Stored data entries
========================================
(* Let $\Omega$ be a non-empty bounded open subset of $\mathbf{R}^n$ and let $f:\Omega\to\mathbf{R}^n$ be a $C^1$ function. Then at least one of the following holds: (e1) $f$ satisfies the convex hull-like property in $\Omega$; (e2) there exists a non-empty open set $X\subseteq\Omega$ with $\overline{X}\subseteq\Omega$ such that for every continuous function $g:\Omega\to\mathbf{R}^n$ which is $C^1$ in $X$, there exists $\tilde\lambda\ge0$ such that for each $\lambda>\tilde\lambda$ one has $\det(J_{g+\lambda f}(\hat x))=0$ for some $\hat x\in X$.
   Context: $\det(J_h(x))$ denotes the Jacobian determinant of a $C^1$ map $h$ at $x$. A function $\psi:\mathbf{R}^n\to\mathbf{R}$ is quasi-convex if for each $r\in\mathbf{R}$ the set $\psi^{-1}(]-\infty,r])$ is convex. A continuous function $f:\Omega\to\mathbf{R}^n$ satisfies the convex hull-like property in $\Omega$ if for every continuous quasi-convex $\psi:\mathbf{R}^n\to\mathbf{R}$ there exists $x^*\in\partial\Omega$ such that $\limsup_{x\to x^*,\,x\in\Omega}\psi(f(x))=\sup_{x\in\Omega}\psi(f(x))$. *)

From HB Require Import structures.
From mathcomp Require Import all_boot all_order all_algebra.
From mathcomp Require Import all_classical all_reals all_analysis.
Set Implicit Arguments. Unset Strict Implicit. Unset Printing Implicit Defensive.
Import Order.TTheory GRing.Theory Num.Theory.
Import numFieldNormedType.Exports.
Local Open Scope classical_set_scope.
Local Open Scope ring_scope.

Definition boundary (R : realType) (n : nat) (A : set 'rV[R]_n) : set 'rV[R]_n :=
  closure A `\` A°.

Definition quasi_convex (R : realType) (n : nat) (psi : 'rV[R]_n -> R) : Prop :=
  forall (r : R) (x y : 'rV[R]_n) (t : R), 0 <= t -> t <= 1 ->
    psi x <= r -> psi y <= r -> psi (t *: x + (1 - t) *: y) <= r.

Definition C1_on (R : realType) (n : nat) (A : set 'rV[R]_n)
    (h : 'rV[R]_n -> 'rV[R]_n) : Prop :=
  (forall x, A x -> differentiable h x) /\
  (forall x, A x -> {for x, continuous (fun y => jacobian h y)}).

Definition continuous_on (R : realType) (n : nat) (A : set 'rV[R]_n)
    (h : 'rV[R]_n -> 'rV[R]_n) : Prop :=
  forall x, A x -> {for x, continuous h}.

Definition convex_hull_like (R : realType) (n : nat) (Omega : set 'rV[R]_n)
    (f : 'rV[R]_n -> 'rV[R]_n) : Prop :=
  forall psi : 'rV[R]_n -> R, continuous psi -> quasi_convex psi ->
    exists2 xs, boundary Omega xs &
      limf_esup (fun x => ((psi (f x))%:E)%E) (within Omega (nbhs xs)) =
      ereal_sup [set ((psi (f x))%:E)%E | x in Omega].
========================================
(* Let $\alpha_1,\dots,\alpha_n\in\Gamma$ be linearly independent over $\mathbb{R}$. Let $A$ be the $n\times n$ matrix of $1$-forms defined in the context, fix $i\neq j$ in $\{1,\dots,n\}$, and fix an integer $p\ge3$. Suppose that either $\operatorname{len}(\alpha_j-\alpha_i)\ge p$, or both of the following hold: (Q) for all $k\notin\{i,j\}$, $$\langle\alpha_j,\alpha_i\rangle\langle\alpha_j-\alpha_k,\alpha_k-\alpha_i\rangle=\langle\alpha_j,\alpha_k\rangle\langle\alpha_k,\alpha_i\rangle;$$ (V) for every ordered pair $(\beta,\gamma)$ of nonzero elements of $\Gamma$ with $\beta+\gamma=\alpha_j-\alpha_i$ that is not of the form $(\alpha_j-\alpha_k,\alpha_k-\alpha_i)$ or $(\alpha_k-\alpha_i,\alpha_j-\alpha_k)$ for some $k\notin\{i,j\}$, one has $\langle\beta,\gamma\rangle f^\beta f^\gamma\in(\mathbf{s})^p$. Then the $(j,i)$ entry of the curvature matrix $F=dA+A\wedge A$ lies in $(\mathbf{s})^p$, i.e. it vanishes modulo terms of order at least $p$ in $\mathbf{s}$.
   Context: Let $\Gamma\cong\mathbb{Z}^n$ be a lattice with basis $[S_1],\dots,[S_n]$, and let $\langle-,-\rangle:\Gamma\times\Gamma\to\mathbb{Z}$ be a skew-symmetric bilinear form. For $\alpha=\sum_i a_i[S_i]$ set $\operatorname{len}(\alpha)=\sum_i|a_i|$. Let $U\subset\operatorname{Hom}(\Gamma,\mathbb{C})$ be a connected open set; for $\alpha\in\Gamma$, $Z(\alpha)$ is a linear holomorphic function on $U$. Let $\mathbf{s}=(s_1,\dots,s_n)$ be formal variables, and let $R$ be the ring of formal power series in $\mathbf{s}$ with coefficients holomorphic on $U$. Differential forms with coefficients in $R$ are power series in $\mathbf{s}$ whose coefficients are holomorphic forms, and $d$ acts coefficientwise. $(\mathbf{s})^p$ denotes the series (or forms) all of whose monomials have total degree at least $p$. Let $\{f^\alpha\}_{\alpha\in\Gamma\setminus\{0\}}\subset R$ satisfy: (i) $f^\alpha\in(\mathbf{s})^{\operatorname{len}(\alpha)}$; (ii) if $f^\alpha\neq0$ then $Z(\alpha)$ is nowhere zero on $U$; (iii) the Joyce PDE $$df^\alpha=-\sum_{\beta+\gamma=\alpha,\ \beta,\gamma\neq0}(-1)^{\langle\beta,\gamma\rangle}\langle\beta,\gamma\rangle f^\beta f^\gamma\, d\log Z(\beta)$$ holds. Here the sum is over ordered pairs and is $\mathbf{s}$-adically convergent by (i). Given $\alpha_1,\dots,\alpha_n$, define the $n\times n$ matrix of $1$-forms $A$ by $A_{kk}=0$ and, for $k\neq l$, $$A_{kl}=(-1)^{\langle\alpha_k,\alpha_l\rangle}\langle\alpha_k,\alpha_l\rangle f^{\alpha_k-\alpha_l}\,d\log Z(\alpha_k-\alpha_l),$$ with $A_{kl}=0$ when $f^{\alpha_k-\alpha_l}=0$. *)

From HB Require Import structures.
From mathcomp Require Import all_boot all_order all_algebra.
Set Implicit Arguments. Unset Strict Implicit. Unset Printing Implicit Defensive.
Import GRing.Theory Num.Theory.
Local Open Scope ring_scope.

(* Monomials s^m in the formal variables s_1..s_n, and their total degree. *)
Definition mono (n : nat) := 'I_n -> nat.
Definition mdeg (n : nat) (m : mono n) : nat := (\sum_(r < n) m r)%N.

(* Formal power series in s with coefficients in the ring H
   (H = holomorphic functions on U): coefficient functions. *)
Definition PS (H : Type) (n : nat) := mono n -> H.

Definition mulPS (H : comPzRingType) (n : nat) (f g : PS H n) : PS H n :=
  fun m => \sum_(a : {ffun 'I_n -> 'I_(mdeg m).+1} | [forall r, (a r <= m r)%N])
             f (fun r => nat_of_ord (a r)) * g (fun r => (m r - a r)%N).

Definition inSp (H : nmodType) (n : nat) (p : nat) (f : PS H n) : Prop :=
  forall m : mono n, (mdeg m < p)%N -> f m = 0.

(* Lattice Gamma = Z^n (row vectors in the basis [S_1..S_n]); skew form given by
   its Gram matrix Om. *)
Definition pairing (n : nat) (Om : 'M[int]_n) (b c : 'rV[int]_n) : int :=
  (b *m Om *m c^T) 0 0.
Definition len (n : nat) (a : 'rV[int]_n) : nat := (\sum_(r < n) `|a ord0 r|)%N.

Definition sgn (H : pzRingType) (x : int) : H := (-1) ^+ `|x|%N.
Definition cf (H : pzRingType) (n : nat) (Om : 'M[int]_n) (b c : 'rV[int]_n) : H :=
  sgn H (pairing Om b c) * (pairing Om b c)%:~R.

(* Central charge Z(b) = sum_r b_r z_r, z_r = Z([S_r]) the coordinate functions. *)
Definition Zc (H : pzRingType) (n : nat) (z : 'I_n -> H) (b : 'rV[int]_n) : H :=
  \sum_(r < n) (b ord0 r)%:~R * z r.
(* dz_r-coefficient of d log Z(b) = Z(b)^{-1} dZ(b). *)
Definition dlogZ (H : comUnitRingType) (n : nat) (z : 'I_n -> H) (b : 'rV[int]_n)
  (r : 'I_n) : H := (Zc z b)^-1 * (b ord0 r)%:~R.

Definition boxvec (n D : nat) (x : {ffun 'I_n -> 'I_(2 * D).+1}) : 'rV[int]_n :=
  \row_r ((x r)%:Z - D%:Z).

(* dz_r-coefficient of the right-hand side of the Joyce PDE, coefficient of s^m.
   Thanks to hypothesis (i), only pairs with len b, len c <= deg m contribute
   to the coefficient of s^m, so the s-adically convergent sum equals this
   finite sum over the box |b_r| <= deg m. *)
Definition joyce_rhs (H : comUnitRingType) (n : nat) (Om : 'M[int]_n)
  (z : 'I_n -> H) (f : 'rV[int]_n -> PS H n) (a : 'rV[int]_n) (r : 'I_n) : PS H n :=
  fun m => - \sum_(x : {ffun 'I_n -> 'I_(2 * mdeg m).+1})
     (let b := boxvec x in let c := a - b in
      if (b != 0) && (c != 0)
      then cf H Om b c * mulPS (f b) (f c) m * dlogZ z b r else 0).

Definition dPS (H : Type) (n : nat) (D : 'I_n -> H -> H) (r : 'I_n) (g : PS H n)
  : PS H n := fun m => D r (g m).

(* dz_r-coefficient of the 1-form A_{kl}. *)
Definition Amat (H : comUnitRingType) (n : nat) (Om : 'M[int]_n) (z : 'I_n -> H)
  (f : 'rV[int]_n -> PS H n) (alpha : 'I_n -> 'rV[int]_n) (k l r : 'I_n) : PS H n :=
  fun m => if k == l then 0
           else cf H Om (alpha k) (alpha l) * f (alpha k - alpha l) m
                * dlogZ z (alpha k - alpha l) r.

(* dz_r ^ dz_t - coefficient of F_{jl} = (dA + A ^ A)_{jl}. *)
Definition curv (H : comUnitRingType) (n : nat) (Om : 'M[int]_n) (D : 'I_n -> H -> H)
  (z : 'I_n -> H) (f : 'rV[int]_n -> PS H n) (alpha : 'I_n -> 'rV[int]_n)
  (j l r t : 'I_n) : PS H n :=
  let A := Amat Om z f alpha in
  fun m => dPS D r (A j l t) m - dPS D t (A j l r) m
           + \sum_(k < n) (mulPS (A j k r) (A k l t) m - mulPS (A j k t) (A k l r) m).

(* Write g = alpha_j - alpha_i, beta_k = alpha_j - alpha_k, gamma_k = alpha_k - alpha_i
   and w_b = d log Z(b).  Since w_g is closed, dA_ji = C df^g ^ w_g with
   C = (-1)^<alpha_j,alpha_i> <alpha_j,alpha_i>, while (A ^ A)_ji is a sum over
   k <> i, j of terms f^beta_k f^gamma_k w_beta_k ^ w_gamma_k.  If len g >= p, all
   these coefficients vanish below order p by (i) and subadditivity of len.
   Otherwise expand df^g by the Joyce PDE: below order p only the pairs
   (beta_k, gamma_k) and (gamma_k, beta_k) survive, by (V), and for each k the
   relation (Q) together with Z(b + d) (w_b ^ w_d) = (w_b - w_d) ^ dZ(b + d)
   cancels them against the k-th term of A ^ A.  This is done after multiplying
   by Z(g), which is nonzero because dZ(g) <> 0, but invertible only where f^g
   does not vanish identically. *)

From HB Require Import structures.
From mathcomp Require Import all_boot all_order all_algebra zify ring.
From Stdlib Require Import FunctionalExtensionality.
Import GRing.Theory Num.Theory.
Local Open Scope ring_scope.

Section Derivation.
========================================
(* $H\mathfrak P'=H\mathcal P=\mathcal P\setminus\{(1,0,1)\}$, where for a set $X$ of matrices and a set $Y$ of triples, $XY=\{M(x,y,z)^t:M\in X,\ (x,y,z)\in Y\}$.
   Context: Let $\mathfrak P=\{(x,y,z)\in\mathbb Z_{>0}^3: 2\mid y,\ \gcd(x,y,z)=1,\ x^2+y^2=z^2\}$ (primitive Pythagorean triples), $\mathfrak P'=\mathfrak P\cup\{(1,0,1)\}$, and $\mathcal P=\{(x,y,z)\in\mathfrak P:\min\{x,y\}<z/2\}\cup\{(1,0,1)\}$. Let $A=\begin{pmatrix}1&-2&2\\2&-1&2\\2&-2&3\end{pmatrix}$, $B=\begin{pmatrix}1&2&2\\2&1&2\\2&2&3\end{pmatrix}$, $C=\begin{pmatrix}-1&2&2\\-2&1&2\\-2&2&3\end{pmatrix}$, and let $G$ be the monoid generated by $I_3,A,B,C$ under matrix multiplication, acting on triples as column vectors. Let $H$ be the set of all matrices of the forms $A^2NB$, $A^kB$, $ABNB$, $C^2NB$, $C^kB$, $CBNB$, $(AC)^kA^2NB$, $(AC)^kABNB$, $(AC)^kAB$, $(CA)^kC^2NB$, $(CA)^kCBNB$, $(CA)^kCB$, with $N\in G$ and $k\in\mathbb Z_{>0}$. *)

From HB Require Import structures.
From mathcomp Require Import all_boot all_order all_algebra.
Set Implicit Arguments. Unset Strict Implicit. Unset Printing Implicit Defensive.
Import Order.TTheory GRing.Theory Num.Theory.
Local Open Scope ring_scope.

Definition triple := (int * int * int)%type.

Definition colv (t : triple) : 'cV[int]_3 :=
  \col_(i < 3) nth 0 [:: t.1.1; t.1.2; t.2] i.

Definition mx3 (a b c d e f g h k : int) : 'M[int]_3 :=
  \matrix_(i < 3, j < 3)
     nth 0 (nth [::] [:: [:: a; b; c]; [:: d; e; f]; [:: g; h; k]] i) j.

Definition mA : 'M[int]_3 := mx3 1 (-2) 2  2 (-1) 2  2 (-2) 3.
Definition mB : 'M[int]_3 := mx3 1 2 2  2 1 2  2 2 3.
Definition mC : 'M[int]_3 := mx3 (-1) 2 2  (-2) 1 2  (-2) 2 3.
========================================
= Task to complete =
Find each line above that contains "else", and copy those lines.

= Exercise result =
      then cf H Om b c * mulPS (f b) (f c) m * dlogZ z b r else 0).
           else cf H Om (alpha k) (alpha l) * f (alpha k - alpha l) m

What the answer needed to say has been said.